Scientists at King’s College London have developed a new way to rapidly change the polarisation of light, one of its fundamental properties. The research, published in Nature Photonics on 29 September 2017, could lead to much faster data transfer and advance research into nano-materials.
A light wave undulates in different ways — known as its polarisation. The polarisation of light is changed by the material it passes through, so we can use it to learn about unseen nano-scale worlds such as drug chemistry and quantum electronics. Switching polarisation is also used to transfer digital information along fibre optic cables.
The electronic methods currently used to control the light polarisation in such applications is reaching its physical speed limit.
Researchers at King’s have overcome this problem, allowing polarisation to be switched at timescales of less than a millionth of a millionth of a second — hundreds of times faster than current electronic methods.
This will allow us to ‘see’ very fast nano-scale processes such as chemical reactions for the first time, by illuminating them with rapidly changing light. This helps us to understand the difference in formation of nasty chemicals and life-saving drugs, and allows us to study new materials that will bring about the next technological revolutions.
This will also represent a major advance in data transfer speeds. By rapidly changing the polarisation of light — to represent a one or a zero — data can be passed along fibre optic cables and into your living room more rapidly. This will help meet growing data sharing demands driven by streaming and cloud services.
To create the light-speed, polarisation-switching nano-material the team designed nano-structured materials that can control light polarisation using light itself — a technique known as all-optical polarisation control.
These nano-structures are known as metamaterials: materials with optical properties not available in nature. These thin, lightweight materials are constructed from elements smaller than a thousandth of a millimetre in order to create exotic optical effects.
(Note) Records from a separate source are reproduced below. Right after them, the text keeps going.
(* Assume $p_0,p_1>0$. For $t\in\mathbb{R}$ let $D_{n,-}(t)=\frac1{n_1}\sum_{j=1}^{n_1}I\big(\eta_1(X_{1,j})>\tfrac12+\tfrac{t}{2p_1}\big)-\frac1{n_0}\sum_{j=1}^{n_0}I\big(\eta_0(X_{0,j})\ge\tfrac12-\tfrac{t}{2p_0}\big)$ and $D_{n,+}(t)=\frac1{n_1}\sum_{j=1}^{n_1}I\big(\eta_1(X_{1,j})\ge\tfrac12+\tfrac{t}{2p_1}\big)-\frac1{n_0}\sum_{j=1}^{n_0}I\big(\eta_0(X_{0,j})>\tfrac12-\tfrac{t}{2p_0}\big)$. Then for every $t\in\mathbb{R}$ and $0<\epsilon\le\sqrt{(p_1\wedge p_0)/2}$, $$\max\Big\{P^{\otimes n}\big(|D_{n,+}(t)-D_+(t)|>\epsilon\big),\,P^{\otimes n}\big(|D_{n,-}(t)-D_-(t)|>\epsilon\big)\Big\}\le 8\exp\Big(-\frac{n(p_1\wedge p_0)\epsilon^2}{4}\Big).$$
   Context: $(X,A,Y)$ is a random vector on $\mathbb{R}^d\times\{0,1\}\times\{0,1\}$ with law $P$; $p_a=P(A=a)$; $P_{X|A=a}$ the conditional law of $X$ given $A=a$; $\eta_a(x)=P(Y=1\mid A=a,X=x)$. $D_-(t)=P_{X|A=1}\big(\eta_1(X)>\tfrac12+\tfrac{t}{2p_1}\big)-P_{X|A=0}\big(\eta_0(X)\ge\tfrac12-\tfrac{t}{2p_0}\big)$ and $D_+(t)=P_{X|A=1}\big(\eta_1(X)\ge\tfrac12+\tfrac{t}{2p_1}\big)-P_{X|A=0}\big(\eta_0(X)>\tfrac12-\tfrac{t}{2p_0}\big)$. $\{(X_i,A_i,Y_i)\}_{i=1}^n$ is an i.i.d. sample from $P$, $n_a=\#\{i:A_i=a\}$, and $X_{a,1},\dots,X_{a,n_a}$ are the features of the observations with $A_i=a$; an empty average is interpreted as $0$. *)

From HB Require Import structures.
From mathcomp Require Import all_boot all_order all_algebra.
From mathcomp Require Import all_classical all_reals all_analysis.
Set Implicit Arguments. Unset Strict Implicit. Unset Printing Implicit Defensive.
Import Order.TTheory GRing.Theory Num.Theory.
Local Open Scope classical_set_scope.
Local Open Scope ring_scope.

(* An observation (X, A, Y) lives in R^d x {0,1} x {0,1};
   R^d is d.-tuple R with the product (= Borel) sigma-algebra,
   {0,1} is bool (true = 1) with the discrete sigma-algebra. *)
Definition obs (R : realType) (d : nat) := ((d.-tuple R * bool) * bool)%type.

Definition feat {R : realType} {d : nat} (z : obs R d) : d.-tuple R := z.1.1.
Definition grp  {R : realType} {d : nat} (z : obs R d) : bool := z.1.2.
Definition lab  {R : realType} {d : nat} (z : obs R d) : bool := z.2.

Definition pA {R : realType} {d : nat} (P : probability (obs R d) R) (a : bool) : R :=
  fine (P [set z | grp z = a]).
In this case, the metamaterial is constructed of gold nano-particles. A high intensity light pulse is fired into the metamaterial, injecting energy into electrons in gold particles, which in turn changes the refractive index of the material.
A second pulse is fired at the metamaterial at the same time. As this pulse passes through the material, the change in refractive index changes its polarisation. This all happens instantaneously, allowing polarisation to be changed trillions of times per second.
By simply shining two beams of light through the material, one beam is able to control the polarisation of the other at ultrafast speed.
The effect can also be observed even with one beam, whereby the polarisation of the light beam transmitted through the metamaterial changes with the intensity. This process is similar to Polaroid sunglasses which adjust themselves to remove glare whenever it is too much sunlight.
Huge potential for new technology
Luke Nicholls, the PhD student who carried out these experiments, said: “With everybody using more and more data, streaming videos, music and sharing pictures, we are fast approaching a point where the current internet infrastructure will not be able to cope. All-optical control provides an answer to this looming problem and hopefully sees an end to staring at the infuriating buffer wheel.”
This research also has potential beyond how many box sets we can download. Control of light at such short time scales could also feed into quantum information processing, where controlling the polarisation of light is integral for building successful quantum computing devices.
Professor Anatoly Zayats of King’s College, said: “This effect opens up many opportunities for new applications which can directly impact everyday life. The faster you can control light polarisation, the faster you can use light to transmit data and make measurements.”
References
Luke H. Nicholls et al., "Ultrafast synthesis and switching of light polarisation in nonlinear anisotropic metamaterials," Nature Photonics 11, 628–633 (2017).